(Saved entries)
Lemma num_pf_cond_eq a m : (1 <= a)%nat -> INR (num_pf_cond a m) = abel_count (INR a) m.
Proof.
  remember (a + m)%nat as n eqn:Hn. revert a m Hn.
  induction n as [n IH] using lt_wf_ind. intros a [|m] Hn Ha.
  - unfold num_pf_cond. simpl all_seqs. cbn [filter].
    replace (pf_cond a (a + 0 - 1) []) with true; [reflexivity|].
    symmetry. apply forallb_forall. intros i Hi. apply in_seq in Hi.
    apply Nat.ltb_lt. unfold count_le; simpl. lia.
  - rewrite num_pf_cond_succ by exact Ha.
    set (x := INR a + INR m).
    transitivity (sum_f_R0 (fun s => INR (binom (S m) s) * abel_term x s) (S m)).
    + apply sum_eq. intros s Hs. f_equal.
      destruct (Nat.ltb_spec 1 (a + (S m - s))).
      * rewrite (IH (a + m)%nat) with (m := s) by lia.
        destruct s as [|k]; [reflexivity|]. unfold abel_count, abel_term.
        replace (INR (a + (S m - S k) - 1) + INR (S k)) with x
          by (unfold x; rewrite <- !plus_INR; f_equal; lia).
        replace (INR (a + (S m - S k) - 1)) with (x - INR (S k))
          by (unfold x; rewrite <- !plus_INR, <- minus_INR by lia; f_equal; lia).
        reflexivity.
      * (* the dropped term (a = 1, s = m + 1) has the factor x - (m + 1) = 0 *)
        replace s with (S m) by lia. assert (a = 1%nat) as -> by lia.
        unfold abel_term, x. rewrite (S_INR m), INR_1. ring.
    + rewrite sum_binom_abel_term. unfold abel_count, x.
      replace (INR a + INR m + 1) with (INR a + INR (S m)) by (rewrite S_INR; ring).
      ring.
Qed.

Lemma length_PF n : INR (length (PF n)) = abel_count 1 n.
Proof.
  unfold PF. rewrite (filter_ext_in _ (pf_cond 1 n)) by (intros; now apply is_pf_pf_cond).
  transitivity (INR (num_pf_cond 1 n)); [|apply num_pf_cond_eq; lia].
  unfold num_pf_cond. now replace (1 + n - 1)%nat with n by lia.
Qed.

Lemma count_Z_PF n k : (1 <= k <= n)%nat ->
  INR (length (filter (fun p => Z p =? k) (PF n)))
  = INR (binom n k) * abel_count (INR k) (n - k).
Proof.
  intros Hk. destruct n as [|N]; [lia|].
  unfold PF. rewrite filter_filter.
  rewrite (filter_ext_in _ (fun p => (length (strip_ones p) =? S N - k)
                                     && pf_cond k N (strip_ones p))).
  2:{ intros p Hp. rewrite is_pf_pf_cond by exact Hp.
      apply in_all_seqs in Hp as [Hlen Hall].
      rewrite pf_cond_succ by (eapply Forall_impl; [|exact Hall]; simpl; lia).
      pose proof (Z_add_length_strip_ones p).
      destruct (Nat.eqb_spec (Z p) k) as [<-|Hne].
      - replace (1 + Z p - 1)%nat with (Z p) by lia.
        rewrite (proj2 (Nat.ltb_lt 1 (1 + Z p))), (proj2 (Nat.eqb_eq _ _)) by lia.
        now rewrite Bool.andb_true_r.
      - rewrite Bool.andb_false_r.
        destruct (Nat.eqb_spec (length (strip_ones p)) (S N - k)); [lia | reflexivity]. }
  rewrite count_strip_ones, mult_INR, (binom_sym (S N) (S N - k) k) by lia.
  f_equal. rewrite <- num_pf_cond_eq by lia. unfold num_pf_cond.
  now replace (k + (S N - k) - 1)%nat with N by lia.
Qed.

Fixpoint falling (x : R) (k : nat) : R :=
  match k with O => 1 | S i => falling x i * (x - INR i) end.

Lemma falling_succ_shift x k : falling x (S k) = x * falling (x - 1) k.
Proof.
  revert x; induction k as [|k IH]; intros x; cbn [falling] in *; [simpl; ring|].
  rewrite IH, S_INR. ring.
Qed.

Lemma binom_falling n k : INR (binom n k) * INR (fact k) = falling (INR n) k.
Proof.
  revert k; induction n as [|n IH]; intros [|k].
  - simpl. ring.
  - rewrite falling_succ_shift. simpl. ring.
  - rewrite binom_0_r. simpl. ring.
  - rewrite falling_succ_shift, S_INR.
    replace (INR n + 1 - 1) with (INR n) by ring.
    pose proof (IH (S k)) as IHS. simpl falling in IHS. rewrite <- IH in IHS.
    rewrite <- IH. cbn [binom]. rewrite plus_INR, Rmult_plus_distr_r, IHS.
    rewrite fact_simpl, mult_INR, S_INR. ring.
Qed.

Lemma lim_inv_INR : is_lim_seq (fun n => / INR n) 0.
Proof.
  replace (Finite 0) with (Rbar_inv p_infty) by reflexivity.
  apply is_lim_seq_inv; [apply is_lim_seq_INR | discriminate].
Qed.

Lemma lim_falling_div_pow k : is_lim_seq (fun n => falling (INR n) k / INR n ^ k) 1.
Proof.
  induction k as [|k IH].
  - apply is_lim_seq_ext with (fun _ => 1); [intros n; simpl; field | apply is_lim_seq_const].
  - apply is_lim_seq_ext_loc with (fun n => falling (INR n) k / INR n ^ k * (1 - INR k * / INR n)).
    + exists 1%nat. intros n Hn. assert (0 < INR n) by (apply lt_0_INR; lia).
      simpl. field. split; [apply pow_nonzero|]; lra.
    + replace (Finite 1) with (Finite (1 * (1 - INR k * 0))) by (f_equal; ring).
      apply is_lim_seq_mult'; [exact IH|].
      apply is_lim_seq_minus'; [apply is_lim_seq_const|].
      exact (is_lim_seq_scal_l _ (INR k) 0 lim_inv_INR).
Qed.

Lemma exp_mult_INR y n : exp (INR n * y) = exp y ^ n.
Proof.
  induction n as [|n IH]; [simpl; now rewrite Rmult_0_l, exp_0|].
  rewrite S_INR, Rmult_plus_distr_r, Rmult_1_l, exp_plus, IH. simpl. ring.
Qed.

Lemma pow_one_plus_inv_le_exp_1 n : (1 <= n)%nat -> (1 + / INR n) ^ n <= exp 1.
Proof.
  intros Hn. assert (0 < INR n) by (apply lt_0_INR; lia).
  replace (exp 1) with (exp (INR n * / INR n)) by (f_equal; field; lra).
  rewrite exp_mult_INR. apply pow_incr. split.
  - assert (0 < / INR n) by (apply Rinv_0_lt_compat; lra). lra.
  - apply exp_ineq1_le.
Qed.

## WHAT IS REQUIRED
Using the entries above, return each line in which the word "split" occurs.

## WRITTEN ANSWER
      simpl. field. split; [apply pow_nonzero|]; lra.
  rewrite exp_mult_INR. apply pow_incr. split.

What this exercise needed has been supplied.